At some point, I realized that most of the posts from the Telegram channels I subscribed to were not informative and lacked value for me. Therefore, I decided to create a bot that sorts out ads and categorizes all the news and posts from the channels I follow.
The configuration file can be found in the config/example_config.yaml
file. Here's an example of what it should look like:
telegram:
api_id: 1821196
api_hash: "your_api_hash_here" # https://my.telegram.org/auth
session_name: "news_classifier"
bot_settings:
model_path: "model"
db_path: "messages.db"
message_lifetime: 2 # Time in hours
# Optional: Uncomment to exclude categories or channels
# exclude_categories:
# - 1
# - 2
# exclude_channels:
# - 1
# - 2
- Obtain your API ID and API Hash by logging into Telegram's Developer Portal.
- Replace
your_api_hash_here
with your actual API hash. - The
model_path
should point to the folder where the model is located (downloadable from this link). - The
db_path
is the database where the bot stores the messages. - The
message_lifetime
is the time in hours that messages are stored in the database to account for repeated messages.
The example_config.yaml
is just a template. Once you've filled it with your details, you can rename it to config.yaml
.
You can run the bot using Docker. Simply execute:
docker build -t telegram-news-classifier .

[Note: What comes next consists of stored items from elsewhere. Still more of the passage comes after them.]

Lemma derivable_upto_inv n : forall a, (forall t, I t -> a t <> RtoC 0) ->
  derivable_upto I n a -> derivable_upto I n (fun t => / a t)%C.
Proof.
  induction n as [|n IH]; intros a Hz Ha.
  - intros k Hk. replace k with 0%nat by lia.
    apply derivable_on_of_is_derive_RC with (fun t => - derC a t / (a t * a t))%C.
    intros t Ht. apply is_derive_RC_inv; auto.
    apply is_derive_RC_derivable_on with I; auto. apply (Ha 0%nat); lia.
  - destruct (derivable_upto_S_inv _ _ Ha) as [Ha0 Ha1].
    apply derivable_upto_of_deriv with (fun t => (- RtoC 1) * derC a t * (/ a t * / a t))%C.
    + intros t Ht.
      replace (- RtoC 1 * derC a t * (/ a t * / a t))%C with (- derC a t / (a t * a t))%C
        by (field; auto).
      apply is_derive_RC_inv; auto. apply is_derive_RC_derivable_on with I; auto.
    + apply derivable_upto_mult; [apply derivable_upto_scal; auto|].
      apply derivable_upto_mult; apply IH; auto; apply derivable_upto_le; auto.
Qed.

Lemma derivable_upto_cexpi k n : derivable_upto I n (fun t => cexpi (k * t)).
Proof.
  induction n as [|n IH].
  - intros j Hj. replace j with 0%nat by lia.
    apply derivable_on_of_is_derive_RC with (fun t => Ci * RtoC k * cexpi (k * t))%C.
    intros; apply is_derive_RC_cexpi.
  - apply derivable_upto_of_deriv with (fun t => Ci * RtoC k * cexpi (k * t))%C.
    + intros; apply is_derive_RC_cexpi.
    + apply derivable_upto_scal; auto.
Qed.

Lemma derivable_upto_holo_comp (G : nat -> C -> C) (D : C -> Prop) (w : R -> C) :
  (forall k z, D z -> is_derive_C (G k) z (G (S k) z)) ->
  (forall t, I t -> D (w t)) -> (forall n, derivable_upto I n w) ->
  forall n k, derivable_upto I n (fun t => G k (w t)).
Proof.
  intros HG HD Hw n. induction n as [|n IH]; intros k.
  - intros j Hj. replace j with 0%nat by lia.
    apply derivable_on_of_is_derive_RC with (fun t => G (S k) (w t) * derC w t)%C.
    intros t Ht. apply is_derive_RC_comp; [apply HG; auto|].
    apply is_derive_RC_derivable_on with I; auto. apply (Hw 0%nat 0%nat); lia.
  - apply derivable_upto_of_deriv with (fun t => G (S k) (w t) * derC w t)%C.
    + intros t Ht. apply is_derive_RC_comp; [apply HG; auto|].
      apply is_derive_RC_derivable_on with I; auto. apply (Hw 0%nat 0%nat); lia.
    + apply derivable_upto_mult; auto. apply (derivable_upto_S_inv _ _ (Hw (S n))).
Qed.

End DerivableUpto.

Lemma is_derive_RC_vertical_slice g z c : dirD_ex vu g (z, c) ->
  is_derive_RC (fun s => g (z, s)) c (dirD vu g (z, c)).
Proof.
  intros H.
  assert (E : forall s, dshift (z, 0) vu s = (z, s)) by (intros s; rewrite dshift_vu; f_equal; ring).
  pose proof (is_derive_RC_line_dirD g (z, 0) vu c) as L. rewrite E in L.
  eapply is_derive_RC_ext_loc; [|exact (L H)]. apply filter_forall. intros s. rewrite E. auto.
Qed.

Lemma derivable_upto_vertical_slice U z I (HI : open_R I) n : forall g, smooth_on U g ->
  (forall t, I t -> U (z, t)) -> derivable_upto I n (fun t => g (z, t)).
Proof.
  induction n as [|n IH]; intros g Hg HzI.
  - intros k Hk. replace k with 0%nat by lia.
    apply derivable_on_of_is_derive_RC with (fun t => dirD vu g (z, t)).
    intros t Ht. apply is_derive_RC_vertical_slice, (proj2 (Hg nil)); auto.
  - apply derivable_upto_of_deriv with (fun t => dirD vu g (z, t)); auto.
    + intros t Ht. apply is_derive_RC_vertical_slice, (proj2 (Hg nil)); auto.
    + apply (IH (dirD vu g)); auto. apply (smooth_iterD U g (vu :: nil)); auto.
Qed.

Lemma is_derive_RC_along_curve U g Z s0 dZ : open_pt U -> smooth_on U g ->
  U (Z s0, s0) -> cauchy_riemann g (Z s0, s0) -> is_derive_RC Z s0 dZ ->
  is_derive_RC (fun s => g (Z s, s)) s0 (dirD vx g (Z s0, s0) * dZ + dirD vu g (Z s0, s0))%C.
Proof.
  intros HU Hg Hq HCR HZ.
  assert (HM : is_derive_RC (fun s => g (Z s, s0)) s0 (dirD vx g (Z s0, s0) * dZ)%C).
  { apply (is_derive_RC_comp (fun w => g (w, s0)) Z s0); auto.
    apply (is_derive_C_of_cauchy_riemann U g (Z s0, s0)); auto. }
  rewrite is_derive_RC_eps in HM |- *. intros eps.
  assert (Pe : 0 < eps / 2) by (pose proof (cond_pos eps); lra).
  assert (Pe4 : 0 < eps / 4) by (pose proof (cond_pos eps); lra).
  destruct (HM (mkposreal _ Pe)) as [d1 Hd1].
  destruct (dirD_near U g vu _ (mkposreal _ Pe4) HU Hg Hq) as [m Hm]. simpl in Hm.
  destruct (is_derive_RC_increment_bound Z s0 dZ HZ) as [d2 Hd2].
  pose proof (Cmod_ge_0 dZ).
  assert (Pm : 0 < m / (Cmod dZ + 1)) by (apply Rdiv_lt_0_compat; [apply cond_pos | lra]).
  exists (mkposreal _ (Rmin_pos _ _ (Rmin_pos _ _ (cond_pos d1) (cond_pos d2)) Pm)). simpl.
  intros t Ht.
  pose proof (Rmin_l (Rmin d1 d2) (m / (Cmod dZ + 1))).
  pose proof (Rmin_r (Rmin d1 d2) (m / (Cmod dZ + 1))).
  pose proof (Rmin_l d1 d2). pose proof (Rmin_r d1 d2).
  assert (Ht3 : Rabs t * (Cmod dZ + 1) < m).
  { apply Rmult_lt_reg_r with (/ (Cmod dZ + 1)); [apply Rinv_0_lt_compat; lra|].
    rewrite Rmult_assoc, Rinv_r, Rmult_1_r by lra. lra. }
  assert (HZt : Cmod (Z (s0 + t)%R - Z s0)%C < m)
    by (eapply Rle_lt_trans; [apply Hd2; lra|]; rewrite Rmult_comm; exact Ht3).
  assert (Htm : Rabs t < m) by (pose proof (Rabs_pos t); nra).
  set (z' := Z (s0 + t)%R) in *.
  assert (S1 : Cmod (g (z', (s0 + t)%R) - g (z', s0) - RtoC t * dirD vu g (Z s0, s0))%C
                 <= 2 * (eps / 4) * Rabs t).
  { rewrite <- dshift_vu. apply increment_bound_dirD. intros c Hc. rewrite dshift_vu.
    apply Hm; simpl; [|replace (s0 + c - s0) with c by ring]; lra. }
  assert (Ht1 : Rabs t < d1) by lra.
  specialize (Hd1 t Ht1). simpl in Hd1. fold z' in Hd1.
  replace (g (z', (s0 + t)%R) - g (Z s0, s0) -
      RtoC t * (dirD vx g (Z s0, s0) * dZ + dirD vu g (Z s0, s0)))%C with
    ((g (z', (s0 + t)%R) - g (z', s0) - RtoC t * dirD vu g (Z s0, s0)) +
     (g (z', s0) - g (Z s0, s0) - RtoC t * (dirD vx g (Z s0, s0) * dZ)))%C by ring.
  eapply Rle_trans; [apply Cmod_triangle|]. lra.
Qed.

Lemma cexpi_add a b : (cexpi a * cexpi b)%C = cexpi (a + b).
Proof. unfold cexpi. apply injective_projections; simpl; rewrite ?cos_plus, ?sin_plus; ring. Qed.

Lemma cexpi_0 : cexpi 0 = RtoC 1.
Proof. unfold cexpi. rewrite cos_0, sin_0. reflexivity. Qed.

Lemma cexpi_opp_r x : (cexpi x * cexpi (- x))%C = RtoC 1.
Proof. rewrite cexpi_add, Rplus_opp_r. apply cexpi_0. Qed.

If the session file (news_classifier.session
) is missing, the bot will require you to log in. To do this, run the following command:
docker run -i -t -v $(pwd):/app telegram-news-classifier --login
This command will initiate the login process, and you will be prompted to enter your phone number and the authentication code from Telegram. After the first login, the session file will be saved and used for future runs.
If the session file is already present (created after the first login), you can run the bot without the --login
flag:
docker run -v $(pwd):/app telegram-news-classifier -d
Alternatively, if you're using docker-compose
, you can run the bot with:
docker-compose up --build -d
Alternatively, you can set up and run it manually using Python and Poetry:
-
Install Poetry if you haven't already: Poetry installation guide.
-
Clone the repository and navigate to the project folder.
-
Download the model from this link.
-
Install the dependencies by running:
poetry install
Additionally, you will need to install the language model for spaCy:
poetry run python -m spacy download ru_core_news_sm
-
To run the bot, use:
poetry run python -m bot.main
- Add a "merge" news function (combine news from different sources into the most detailed version).
- Add deletion of topics if changes have been made to the config.
This project is licensed under the MIT License. See LICENSE.md for the full text.